ABOUT THIS TASK = Only one stretch of the records below should be repeated. It starts with the line containing "by apply: is_derive1_powR;" and goes on through the line containing "by move: (powR_ge0 (1 + s) (a - 1)); nra.", exactly as written.

Content starts

Lemma is_derive_powR1D (a x : R) : -1 < x ->
  is_derive x 1 (fun y : R => (1 + y) `^ a) (a * (1 + x) `^ (a - 1)).
Proof.
move=> x1; have : is_derive x 1 (fun y : R => 1 + y) 1.
  rewrite (_ : (fun y => 1 + y) = shift 1); first exact: is_derive_shift.
  by apply/funext => y; rewrite addrC.
have : is_derive (1 + x) 1 (fun y : R => y `^ a) (a * (1 + x) `^ (a - 1)).
  by apply: is_derive1_powR; rewrite -ltrBlDl sub0r.
by move=> /is_derive1_comp/[apply]; rewrite mulr1.
Qed.

Lemma powR1D_continuous (a x : R) : -1 < x ->
  {for x, continuous (fun y : R => (1 + y) `^ a)}.
Proof.
move=> /(is_derive_powR1D a) [da _].
exact/differentiable_continuous/derivable1_diffP.
Qed.

Lemma powR1D_sub1_le (a s : R) : a <= 1 -> 0 <= s ->
  (1 + s) `^ a - 1 <= s * (1 + s) `^ (a - 1).
Proof.
move=> a1 s0; have s1 : 0 < 1 + s by rewrite ltr_pwDl.
have -> : (1 + s) `^ a = (1 + s) `^ (a - 1) * (1 + s).
  rewrite -{3}(powRr1 (ltW s1)) -powRD ?subrK //.
  by apply/implyP => _; rewrite gt_eqF.
have : (1 + s) `^ (a - 1) <= 1.
  by rewrite -[X in _ <= X](powRr0 (1 + s)); apply: ler_powR; [rewrite lerDl | rewrite subr_le0].
by move: (powR_ge0 (1 + s) (a - 1)); nra.
Qed.

End PowR.

Section Primitive.
Context {R : realType}.
Notation mu := (@lebesgue_measure R).

Lemma lebesgue_itvcc_fine (a b : R) : a <= b -> fine (mu `[a, b]) = b - a.
Proof.
move=> ab; rewrite lebesgue_measure_itv /= lte_fin.
by case: ltP => //= ba; apply/esym/eqP; rewrite subr_eq0 eq_le ab ba.
Qed.

Lemma continuous_itvcc_integrable {f : R -> R} {a b : R} :
  {within `[a, b], continuous f} -> mu.-integrable `[a, b] (EFin \o f).
Proof. by move=> cf; apply: continuous_compact_integrable => //; exact: segment_compact. Qed.

Let cst_integrable (a b c : R) : mu.-integrable `[a, b] (EFin \o cst c).
Proof. by apply/continuous_itvcc_integrable/continuous_subspaceT => x; exact: cst_continuous. Qed.

Lemma Rintegral_itvcc_ge (f : R -> R) (a b c : R) : a <= b ->
  {within `[a, b], continuous f} -> (forall r, a <= r <= b -> c <= f r) ->
  c * (b - a) <= Rintegral mu `[a, b] f.
Proof.
move=> ab cf fc; rewrite -lebesgue_itvcc_fine // -Rintegral_cst //.
apply: le_Rintegral; [by [] | exact: cst_integrable | exact: continuous_itvcc_integrable |].
by move=> r; rewrite /= in_itv /= => /fc.
Qed.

Content ends

WRITTEN ANSWER =
  by apply: is_derive1_powR; rewrite -ltrBlDl sub0r.
by move=> /is_derive1_comp/[apply]; rewrite mulr1.
Qed.

Lemma powR1D_continuous (a x : R) : -1 < x ->
  {for x, continuous (fun y : R => (1 + y) `^ a)}.
Proof.
move=> /(is_derive_powR1D a) [da _].
exact/differentiable_continuous/derivable1_diffP.
Qed.

Lemma powR1D_sub1_le (a s : R) : a <= 1 -> 0 <= s ->
  (1 + s) `^ a - 1 <= s * (1 + s) `^ (a - 1).
Proof.
move=> a1 s0; have s1 : 0 < 1 + s by rewrite ltr_pwDl.
have -> : (1 + s) `^ a = (1 + s) `^ (a - 1) * (1 + s).
  rewrite -{3}(powRr1 (ltW s1)) -powRD ?subrK //.
  by apply/implyP => _; rewrite gt_eqF.
have : (1 + s) `^ (a - 1) <= 1.
  by rewrite -[X in _ <= X](powRr0 (1 + s)); apply: ler_powR; [rewrite lerDl | rewrite subr_le0].
by move: (powR_ge0 (1 + s) (a - 1)); nra.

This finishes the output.